» SOURCE INFORMATION
%%
Lemma adjoin_gen x : adjoin x x.
Proof. by exists 'X; rewrite ?hornerX //; exact: coefs_inX. Qed.

Lemma adjoin_min x T : is_subring T -> Defs.subset R T -> T x ->
  Defs.subset (adjoin x) T.
Proof.
move=> hT RT hx _ [P hP ->]; rewrite horner_coef.
apply: subring_sum => // i _.
by apply: subringM => //; [exact: RT | exact: subring_exp].
Qed.

End Adjoin.

Section FlatPolyRelation.
Variable S : comNzRingType.
Variables A C : S -> Prop.
Hypothesis HA : is_subring A.
Hypothesis HAC_flat : is_flat A C.

Lemma flat_poly_relation (I : finType) (P : I -> {poly S}) (u : I -> S) :
  (forall i, coefs_in A (P i)) -> (forall i, C (u i)) -> \sum_i u i *: P i = 0 ->
  exists K (c : I -> 'I_K -> S) (b : 'I_K -> S),
  [/\ forall i k, A (c i k), forall k, C (b k), forall i, u i = \sum_k c i k * b k
    & forall k, \sum_i c i k *: P i = 0].
Proof.
move=> hP hu hPu; pose N := (\max_i size (P i))%N.
have [e i|//|e|K [c [b [hc hb hcb hE]]]] :=
    @flat_system _ _ _ HA HAC_flat N I (fun e i => (P i)`_e) u.
- exact: hP.
- transitivity (\sum_i u i *: P i)`_e; last by rewrite hPu coef0.
  by rewrite coef_sum; apply: eq_bigr => i _; rewrite coefZ mulrC.
exists K, c, b; split => // k; apply/polyP => e; rewrite coef0 coef_sum.
have [eN|Ne] := ltnP e N.
  by rewrite -[RHS](hE (Ordinal eN) k); apply: eq_bigr => i _; rewrite coefZ mulrC.
rewrite big1 // => i _; rewrite coefZ nth_default ?mulr0 //.
exact: leq_trans (leq_bigmax i) Ne.
Qed.

End FlatPolyRelation.

Section EpiKernel.
Variable S : comNzRingType.
Variable R : S -> Prop.
Hypothesis HR : is_subring R.
Variable x : S.
Local Notation B := (adjoin R x).

Definition adjoin_pred : pred S := fun s => `[< B s >].

Lemma adjoin_pred_subring_closed : subring_closed adjoin_pred.
Proof.
have hB := adjoin_subring HR x.
split=> [|a b /asboolP ha /asboolP hb|a b /asboolP ha /asboolP hb]; apply/asboolP.
- exact: subring1 hB.
- exact: subringB.
- exact: subringM.
Qed.

(* [R[x]] as a ring in its own right, so that we can form [R[x][X]]. *)
HB.instance Definition _ :=
  GRing.isSubringClosed.Build S adjoin_pred adjoin_pred_subring_closed.
Definition adjoin_type := {s : S | adjoin_pred s}.
HB.instance Definition _ := [isSub of adjoin_type for @proj1_sig S adjoin_pred].
HB.instance Definition _ := [Choice of adjoin_type by <:].
HB.instance Definition _ := [SubChoice_isSubComNzRing of adjoin_type by <:].
Local Notation Bt := adjoin_type.

Lemma val_insubd_adjoin s : B s -> val (insubd (0 : Bt) s) = s.
Proof. by move=> hs; rewrite val_insubd /adjoin_pred asboolT. Qed.

Definition lift_poly (P : {poly S}) : {poly Bt} := map_poly (insubd (0 : Bt)) P.
Lemma has_cderiv_Cps : has_cderiv (fun t => Cps c (z t)) t0 (Cmul (Cps d (z t0)) (dz t0)).
Proof.
  assert (Hpartial : forall n x, Boule t0 (mkposreal r Hr) x ->
    has_cderiv (fun t => Cps_partial c (z t) n) x
      (match n with O => CR 0 | S m => Cmul (Cps_partial d (z x) m) (dz x) end)).
  { intros n x Hx. unfold Boule in Hx; simpl in Hx. destruct n.
    - exact (has_cderiv_const (CR (c O)) x).
    - apply has_cderiv_Cps_partial; auto. apply Hz; auto. }
  assert (Ht0 : Boule t0 (mkposreal r Hr) t0) by (unfold Boule; simpl; rewrite Rminus_diag, Rabs_R0; auto).
  split.
  - apply (CVU_derivable (fun n t => Re (Cps_partial c (z t) n))
      (fun n t => match n with O => 0 | S m => Re (Cmul (Cps_partial d (z t) m) (dz t)) end)
      (fun t => Re (Cps c (z t))) (fun t => Re (Cmul (Cps d (z t)) (dz t))) t0 (mkposreal r Hr)); auto.
    + apply Cps_partial_deriv_CVU; [apply Re_le_Cnorm|apply Re_sub].
    + intros x Hx. exact (proj1 (Cps_partial_cv c (z x) Hc)).
    + intros n x Hx. destruct (Hpartial n x Hx) as [H _]. destruct n; exact H.
  - apply (CVU_derivable (fun n t => Im (Cps_partial c (z t) n))
      (fun n t => match n with O => 0 | S m => Im (Cmul (Cps_partial d (z t) m) (dz t)) end)
      (fun t => Im (Cps c (z t))) (fun t => Im (Cmul (Cps d (z t)) (dz t))) t0 (mkposreal r Hr)); auto.
    + apply Cps_partial_deriv_CVU; [apply Im_le_Cnorm|apply Im_sub].
    + intros x Hx. exact (proj2 (Cps_partial_cv c (z x) Hc)).
    + intros n x Hx. destruct (Hpartial n x Hx) as [_ H]. destruct n; exact H.
Qed.

End TermwiseDerivative.

Lemma exp_le x y : x <= y -> exp x <= exp y.
Proof. intros [H|H]. left; apply exp_increasing; auto. subst; lra. Qed.

(* [exprel z = (e^z - 1)/z] and [Ei0' = exprel], by [Ei0_coef_succ]. *)
Definition exp_coef k := / INR (fact k).
Definition exprel_coef k := / INR (fact (S k)).
Definition Ei0_coef k := match k with O => 0 | S _ => / (INR k * INR (fact k)) end.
%%
» REQUIREMENT
From the records above, transcribe exactly the run of lines that opens with the line holding "Proof. by move=>" and closes with the line holding "Re (Cmul (Cps_partial", both included.

» PROBLEM SOLUTION
Proof. by move=> hs; rewrite val_insubd /adjoin_pred asboolT. Qed.

Definition lift_poly (P : {poly S}) : {poly Bt} := map_poly (insubd (0 : Bt)) P.
Lemma has_cderiv_Cps : has_cderiv (fun t => Cps c (z t)) t0 (Cmul (Cps d (z t0)) (dz t0)).
Proof.
  assert (Hpartial : forall n x, Boule t0 (mkposreal r Hr) x ->
    has_cderiv (fun t => Cps_partial c (z t) n) x
      (match n with O => CR 0 | S m => Cmul (Cps_partial d (z x) m) (dz x) end)).
  { intros n x Hx. unfold Boule in Hx; simpl in Hx. destruct n.
    - exact (has_cderiv_const (CR (c O)) x).
    - apply has_cderiv_Cps_partial; auto. apply Hz; auto. }
  assert (Ht0 : Boule t0 (mkposreal r Hr) t0) by (unfold Boule; simpl; rewrite Rminus_diag, Rabs_R0; auto).
  split.
  - apply (CVU_derivable (fun n t => Re (Cps_partial c (z t) n))
      (fun n t => match n with O => 0 | S m => Re (Cmul (Cps_partial d (z t) m) (dz t)) end)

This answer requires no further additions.